Carbon Monoxide Poisoning

Basics

Description

Carbon monoxide (CO) is an odorless, tasteless, colorless gas produced during the incomplete combustion of carbon-based compounds. If inhaled, CO may cause nonspecific symptoms and is potentially fatal (1).

  • CO inhalation leads to displacement of oxygen (O2) from binding sites on hemoglobin to form carboxyhemoglobin (COHb). The formation of COHb leads to tissue hypoxia from decreased O2 carrying capacity and a left shift of the oxyhemoglobin dissociation curve (resulting in less O2 delivery to a tissue at a given arterial O2 pressure). CO binds to mitochondrial cytochrome oxidase, impairing adenosine triphosphate (ATP) production. It also binds to myoglobin, resulting in decreased contractility and vascular smooth muscle relaxation.

Pregnancy Considerations
Tissue hypoxia, due to CO poisoning, may cause significant fetal abnormalities because CO has a stronger affinity and a longer half-life when bound to fetal hemoglobin. The fetus is, therefore, susceptible to adverse outcomes even if the mother is unaffected.

Epidemiology

Incidence

  • CO poisoning is the third leading cause of poisoning death in the United States. There were 481 deaths in 2020, a decrease of 8% from 2019.
  • Accounts for 50,000 ER visits annually (16 cases per 100,000 population); 1–3% are fatal.
  • Approximately 15,000 intentional poisoning occur per year, accounting for 2/3 reported deaths (10-fold higher than unintentional poisonings); results in approximately 1,200 to 1,600 deaths a year in the United States due to fire and non–fire-related poisoning.
  • Vague symptoms may cause patients to not seek care, leading to underdiagnosis.
  • May have concurrent co-exposures such as cyanide poisoning or intoxicants.

Prevalence

  • More prevalent during the winter months in areas with colder climate.
  • Occupational exposure to methylene chloride, found in industrial solvents such as paint remover, is metabolized to CO in the liver and can result in exposure and toxicity.

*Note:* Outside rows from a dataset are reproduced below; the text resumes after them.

(* A simply laced (unitary) quiver admits a single unique Coulomb branch: the Coulomb branch computed by the monopole formula does not depend on the choice of node at which the residual center-of-mass $U(1)$ is ungauged.
   Context: Consider a $3d~\mathcal N=4$ quiver gauge theory whose quiver consists solely of unitary gauge nodes $U(N_i)$ (no flavor nodes). To compute its Coulomb branch via the monopole formula (Hilbert series), one must ungauge (decouple) a residual center-of-mass $U(1)$ symmetry, which is done by choosing a node and setting one of the magnetic charges at that node to zero (introducing a delta function on one component of the magnetic flux there); this choice is called the ungauging scheme. In the conformal dimension, the hypermultiplet contribution of an edge between nodes with magnetic fluxes $m^{(1)}, m^{(2)}$ is $\frac12\sum_{j,k}|\lambda m^{(1)}_j - m^{(2)}_k|$, with $\lambda=1$ for simply laced edges. A quiver is simply laced if all its edges are single edges (multiplicity $1$). *)

From HB Require Import structures.
From mathcomp Require Import all_boot all_order all_algebra.
From mathcomp Require Import all_classical all_reals.
From mathcomp Require Import ereal esum exp.
Set Implicit Arguments. Unset Strict Implicit. Unset Printing Implicit Defensive.
Import Order.TTheory GRing.Theory Num.Theory.
Local Open Scope ring_scope.

(* A simply laced unitary quiver without flavour nodes is given by
   - a finite type of gauge nodes I,
   - ranks N : I -> nat (node i carries U(N i)),
   - an adjacency relation adj : rel I, assumed symmetric and irreflexive
     (every edge is a single, simply laced edge, lambda = 1).

   Magnetic charges: one integer per gauge component, i.e. per element of
   the finite type  gauge_comp N = {i : I & 'I_(N i)} ;  (Tagged _ j) is the j-th
   component of the flux m^(i) at node i. *)

Definition gauge_comp (I : finType) (N : I -> nat) : finType := {i : I & 'I_(N i)}.

Definition flux (I : finType) (N : I -> nat) (m : {ffun gauge_comp N -> int})
  (i : I) (j : 'I_(N i)) : int :=
  m (Tagged (fun i => 'I_(N i)) j).
Arguments flux {I N} m i j.

Definition weyl_chamber (I : finType) (N : I -> nat) (m : {ffun gauge_comp N -> int})
  : Prop :=
  forall (i : I) (j k : 'I_(N i)), (j <= k)%N -> flux m i k <= flux m i j.

(* The sum over unordered edges {a,b} is written as 1/2 of the sum over
   ordered pairs (a,b) with adj a b (adj symmetric, irreflexive). *)
Definition conf_dim (R : realType) (I : finType) (N : I -> nat) (adj : rel I)
  (m : {ffun gauge_comp N -> int}) : R :=
  - (\sum_(i : I) \sum_(j : 'I_(N i)) \sum_(k : 'I_(N i) | (j < k)%N)
        (`|flux m i j - flux m i k|)%:~R)
  + 2^-1 * (2^-1 * \sum_(a : I) \sum_(b : I | adj a b)
        \sum_(j : 'I_(N a)) \sum_(k : 'I_(N b))
           (`|flux m a j - flux m b k|)%:~R).

(* Dressing factor of U(N) at node i: the residual gauge group is
   prod_blocks U(lambda_b), lambda_b the multiplicity of each distinct flux
   value, and P_{U(lambda)}(t) = prod_{l=1}^{lambda} 1/(1 - t^(2l)). *)
Definition dressing (R : realType) (I : finType) (N : I -> nat)
  (m : {ffun gauge_comp N -> int}) (t : R) : R :=
  \prod_(i : I)
    let vals := [seq flux m i j | j <- enum 'I_(N i)] in
    \prod_(v <- undup vals)
      \prod_(1 <= l < (count_mem v vals).+1) (1 - t ^+ (2 * l))^-1.

(* Monopole formula with ungauging scheme v0 = (node i0, component j0):
   HS(t) = sum_{m in Weyl chamber, m^(i0)_(j0) = 0} t^(2 Delta(m)) P(t;m),
   evaluated at a real 0 < t < 1 as a (possibly infinite) sum of
   non-negative terms in the extended reals. *)
Definition hilbert_series (R : realType) (I : finType) (N : I -> nat)
  (adj : rel I) (v0 : gauge_comp N) (t : R) : \bar R :=
  esum [set m : {ffun gauge_comp N -> int} | weyl_chamber m /\ m v0 = 0]
       (fun m => ((t `^ (2 * @conf_dim R I N adj m)) * @dressing R I N m t)%:E).

From HB Require Import structures.
From mathcomp Require Import all_boot all_order all_algebra.
From mathcomp Require Import all_classical all_reals.
From mathcomp Require Import ereal esum exp.
Import Order.TTheory GRing.Theory Num.Theory.
Set Implicit Arguments.
Unset Strict Implicit.
Unset Printing Implicit Defensive.
Local Open Scope ring_scope.

(* For a simply laced quiver (lambda = 1) the conformal dimension only sees
   differences m_j - m_k of magnetic charges, and the dressing factor only
   sees which charges at a node coincide; so the summand of the monopole
   formula is invariant under the diagonal shift m |-> m + c.  Shifting by
   -m(v2) maps the charges ungauged at v1 bijectively onto those ungauged at
   v2, the inverse being the shift by -m(v1), and reindexing the sum proves
   the claim. *)

Section DiagonalShift.

Variables (I : finType) (N : I -> nat).
Implicit Types (m : {ffun gauge_comp N -> int}) (c : int).

Definition shift_flux m c : {ffun gauge_comp N -> int} := [ffun x => m x + c].

Lemma shift_fluxE m c x : shift_flux m c x = m x + c.
Proof. exact: ffunE. Qed.

Lemma shift_fluxK m c : shift_flux (shift_flux m c) (- c) = m.
Proof. by apply/ffunP => x; rewrite !shift_fluxE addrK. Qed.

Lemma flux_shift m c i j : flux (shift_flux m c) i j = flux m i j + c.
Proof. exact: shift_fluxE. Qed.

Lemma flux_shiftB m c a j b k :
  flux (shift_flux m c) a j - flux (shift_flux m c) b k = flux m a j - flux m b k.
Proof. by rewrite !flux_shift [flux m b k + c]addrC addrKA. Qed.

Lemma weyl_chamber_shift m c : weyl_chamber (shift_flux m c) <-> weyl_chamber m.
Proof.
by split=> W i j k le_jk; have := W i j k le_jk; rewrite ?flux_shift ?lerD2r.
Qed.

Lemma conf_dim_shift (R : realType) (adj : rel I) m c :
  conf_dim R adj (shift_flux m c) = conf_dim R adj m.
Proof.
rewrite /conf_dim; congr (- _ + 2^-1 * (2^-1 * _)).
  by apply: eq_bigr => i _; apply: eq_bigr => j _; apply: eq_bigr => k _;
     rewrite flux_shiftB.
apply: eq_bigr => a _; apply: eq_bigr => b _; apply: eq_bigr => j _.
by apply: eq_bigr => k _; rewrite flux_shiftB.
Qed.

Lemma dressing_shift (R : realType) m c (t : R) :
  dressing (shift_flux m c) t = dressing m t.
Proof.
rewrite /dressing; apply: eq_bigr => i _ /=.
have addcI : injective (fun x : int => x + c) by exact: addIr.
set vals := [seq flux m i j | j <- _].
have -> : [seq flux (shift_flux m c) i j | j <- enum 'I_(N i)] =
          [seq x + c | x <- vals].
  by rewrite /vals; elim: (enum _) => //= j s ->; rewrite flux_shift.
rewrite (undup_map_inj addcI) big_map; apply: eq_bigr => v _.
rewrite count_map (@eq_count _ _ (pred1 v)) // => w /=.
by rewrite (inj_eq addcI).
Qed.

Definition regauge (v : gauge_comp N) m := shift_flux m (- m v).

Lemma regauge_eq0 v m : regauge v m v = 0.
Proof. by rewrite shift_fluxE subrr. Qed.

Lemma regaugeK v w m : m w = 0 -> regauge w (regauge v m) = m.
Proof. by move=> mw0; rewrite /regauge shift_fluxE mw0 add0r shift_fluxK. Qed.

Lemma esum_regauge (R : realType) (P : {ffun gauge_comp N -> int} -> Prop)
    (F : {ffun gauge_comp N -> int} -> \bar R) (v1 v2 : gauge_comp N) :
  (forall m c, P (shift_flux m c) <-> P m) ->
  (forall m c, F (shift_flux m c) = F m) ->
  \esum_(m in [set m | P m /\ m v1 = 0]) F m =
  \esum_(m in [set m | P m /\ m v2 = 0]) F m.
Proof.
move=> P_shift F_shift.
rewrite [RHS](reindex_esum [set m | P m /\ m v1 = 0] _ (regauge v2)); last split.
- by apply: eq_esum => m _; rewrite F_shift.
- by move=> m [Pm _]; split; [apply/P_shift | apply: regauge_eq0].
- move=> m1 m2 /set_mem[_ m1v1] /set_mem[_ m2v1] eq_m12.
  by rewrite -(regaugeK v2 m1v1) eq_m12 regaugeK.
- move=> m [Pm mv2]; exists (regauge v1 m); last exact: regaugeK.
  by split; [apply/P_shift | apply: regauge_eq0].
Qed.

End DiagonalShift.

Theorem claim2 (R : realType) (I : finType) (N : I -> nat) (adj : rel I)
  (adj_sym : symmetric adj) (adj_irr : irreflexive adj)
  (v1 v2 : gauge_comp N) (t : R) :
  0 < t < 1 ->
  @hilbert_series R I N adj v1 t = hilbert_series adj v2 t.
Proof.
(* The summands agree termwise. *)
move=> _; apply: esum_regauge => [m c | m c].
  exact: weyl_chamber_shift.
by rewrite conf_dim_shift dressing_shift.
Qed.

Etiology and Pathophysiology

  • CO is rapidly absorbed through the lungs, binding hemoglobin with 210 to 240 times the affinity of O2. This stabilizes hemoglobin in the relaxed high affinity state (R state), reducing O2-carrying capacity and delivery, leading to left shift of the oxyhemoglobin dissociation curve. CO inactivates cytochrome oxidase. This leads to decreased ATP production, especially in tissues with high metabolic demands (brain, heart). The electron transport chain continues, generating superoxide radicals, leading to further damage.
  • CO displaces nitric oxide (NO) from platelets, leading to platelet activation and aggregation. Oxidative stress, lipid peroxidation, and apoptosis are additional effects. NO also causes vasodilation and profound hypotension.
  • Mitochondrial dysfunction and hypoxia leads to myocardial stunning and injury. Proteases released from neutrophil degranulation interact with xanthine hydrogenase forming xanthine oxidase. This inhibits endogenous defense against oxidative stress.
  • CO also initiates an inflammatory cascade that can lead to oxidative degradation of nervous system lipids and delayed neurologic damage.

Risk Factors

  • Alcohol and tobacco use
  • Patients with severe COPD regardless of current tobacco smoke exposure; closed or improperly ventilated spaces
  • Fires and fire-related injuries; high-risk vocations: coal miners, auto mechanics, paint stripping, work in the solvent industry; exposure to exhaust from motor vehicles, faulty furnaces, stoves, generator use (power outages and storms), and other fuel burning devices

General Prevention

  • Appropriate ventilation around fuel-burning devices; installation of in-home CO monitors or alarms
  • Postexposure determination of CO source to limit future exposures, eliminate source, and initiate treatment
  • Public policy to ensure building code safety; limiting occupational exposures for those who work with automobiles, paint, solvents, or mines

Commonly Associated Conditions

  • CO and cyanide poisoning often occur simultaneously after smoke inhalation and have synergistic effects.
  • Intentional poisoning often occurs in the context of coingestion of other substances (~40%).
  • Up to 50–75% of fire-related injuries have a component of CO poisoning.